Directions for this task:
Find the line with "sigma_lt1 (consensus_err_sum0 Y" in the records below. Copy it and every line after it, up to and including the line with "have [sigma0|sigma_pos] : sigma".

Input records:
Lemma frob_consensus_err_mmul_le (hn : (1 < n)%nat) (W : mat n n) sigma (Y : mat n d) :
  doubly_stochastic W -> second_singular_value hn W sigma -> sigma < 1 ->
  frob (consensus_err (mmul W Y)) <= sigma * frob (consensus_err Y).
Proof.
move=> W_ds W_sigma sigma_lt1.
have sigma_ge0 := second_singular_value_ge0 W_sigma.
rewrite /frob -(sqrt_pow2 sigma sigma_ge0) -sqrt_mult;
  [|exact: pow2_ge_0 | by apply: sumR_ge0 => i; apply: sumR_ge0 => k; nra].
apply: sqrt_le_1_alt; rewrite exchange_big [X in _ <= _ * X]exchange_big big_distrr.
apply: leR_sum => k.
have := doubly_stochastic_contraction (z := fun j => consensus_err Y j k) W_ds W_sigma
  sigma_lt1 (consensus_err_sum0 Y k) => contr.
apply: (Rle_trans _ _ _ _ (Rle_trans _ _ _ contr _)); apply: Req_le.
  by apply: eq_bigr => i _; rewrite consensus_err_mmul //=; ring.
by congr (_ * _); apply: eq_bigr => j _; ring.
Qed.

End ConsensusError.

(* [discounted_sum sigma alpha j = sum_(k = 1 .. j) sigma ^ (j - k + 1) * alpha k]. *)
Fixpoint discounted_sum (sigma : R) (alpha : nat -> R) (j : nat) : R :=
  if j is j'.+1 then sigma * (discounted_sum sigma alpha j' + alpha j) else 0.

Lemma pow_mul_le1 sigma A r : 0 <= sigma < 1 -> 0 < A ->
  ln A <= (1 - sigma) * INR r -> sigma ^ r * A <= 1.
Proof.
move=> sigma01 A_pos lnA_le.
have [sigma0|sigma_pos] : sigma = 0 \/ 0 < sigma by lra.
  case: r lnA_le => [|r] lnA_le; last by rewrite sigma0 pow_i; [lra | lia].
  rewrite /= Rmult_1_l; have [//|A_gt1] := Rle_lt_dec A 1.
  by have := ln_increasing 1 A Rlt_0_1 A_gt1; move: lnA_le; rewrite ln_1 /=; lra.
have ln_sigma : ln sigma <= sigma - 1.
  by have := exp_ineq1_le (ln sigma); rewrite exp_ln //; lra.
have [//|gt1] := Rle_lt_dec (sigma ^ r * A) 1.
have pos : 0 < sigma ^ r * A by apply: Rmult_lt_0_compat => //; apply: pow_lt.
have := ln_increasing 1 _ Rlt_0_1 gt1.
rewrite ln_1 ln_mult ?ln_pow //; last by apply: pow_lt.
have := pos_INR r; nra.
Qed.

Section DiscountedSum.
Variables (sigma : R) (alpha : nat -> R).
Hypothesis sigma01 : 0 <= sigma < 1.
Hypothesis alpha_pos : forall k, (1 <= k)%nat -> 0 < alpha k.

Lemma discounted_sum_ge0 j : 0 <= discounted_sum sigma alpha j.
Proof.
elim: j => [|j IH] /=; first lra.
have a_pos := alpha_pos (isT : (1 <= j.+1)%nat).
by apply: Rmult_le_pos; lra.
Qed.

Lemma discounted_sum_le M j : (forall k, (1 <= k)%nat -> alpha k <= M) ->
  discounted_sum sigma alpha j <= INR j * M.
Proof.
move=> alpha_le; elim: j => [|j IH]; first by rewrite /=; lra.
have := alpha_le j.+1 isT; have := discounted_sum_ge0 j; have := alpha_pos (isT : (1 <= j.+1)%nat).
rewrite S_INR /=; nra.
Qed.

Lemma discounted_sum_shift K i0 p : (forall k, (i0 < k)%nat -> alpha k <= K) ->
  (1 - sigma) * discounted_sum sigma alpha (i0 + p) <=
  (1 - sigma) * sigma ^ p * discounted_sum sigma alpha i0 + K * sigma * (1 - sigma ^ p).
Proof.
move=> alpha_le; elim: p => [|p IH]; first by rewrite addn0 /=; lra.
rewrite addnS /=.
have := alpha_le (i0 + p).+1 (leq_trans (ltnSn i0) (leq_addr p i0.+1)).
move: IH; set S := discounted_sum _ _ (i0 + p); set S0 := discounted_sum _ _ i0.
set a := alpha _; set q := sigma ^ p => IH a_le.
have : sigma * ((1 - sigma) * S) <= sigma * ((1 - sigma) * q * S0 + K * sigma * (1 - q)).
  by apply: Rmult_le_compat_l; lra.
have : sigma * (1 - sigma) * a <= sigma * (1 - sigma) * K by apply: Rmult_le_compat_l; nra.
lra.
Qed.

Task solution:
  sigma_lt1 (consensus_err_sum0 Y k) => contr.
apply: (Rle_trans _ _ _ _ (Rle_trans _ _ _ contr _)); apply: Req_le.
  by apply: eq_bigr => i _; rewrite consensus_err_mmul //=; ring.
by congr (_ * _); apply: eq_bigr => j _; ring.
Qed.

End ConsensusError.

(* [discounted_sum sigma alpha j = sum_(k = 1 .. j) sigma ^ (j - k + 1) * alpha k]. *)
Fixpoint discounted_sum (sigma : R) (alpha : nat -> R) (j : nat) : R :=
  if j is j'.+1 then sigma * (discounted_sum sigma alpha j' + alpha j) else 0.

Lemma pow_mul_le1 sigma A r : 0 <= sigma < 1 -> 0 < A ->
  ln A <= (1 - sigma) * INR r -> sigma ^ r * A <= 1.
Proof.
move=> sigma01 A_pos lnA_le.
have [sigma0|sigma_pos] : sigma = 0 \/ 0 < sigma by lra.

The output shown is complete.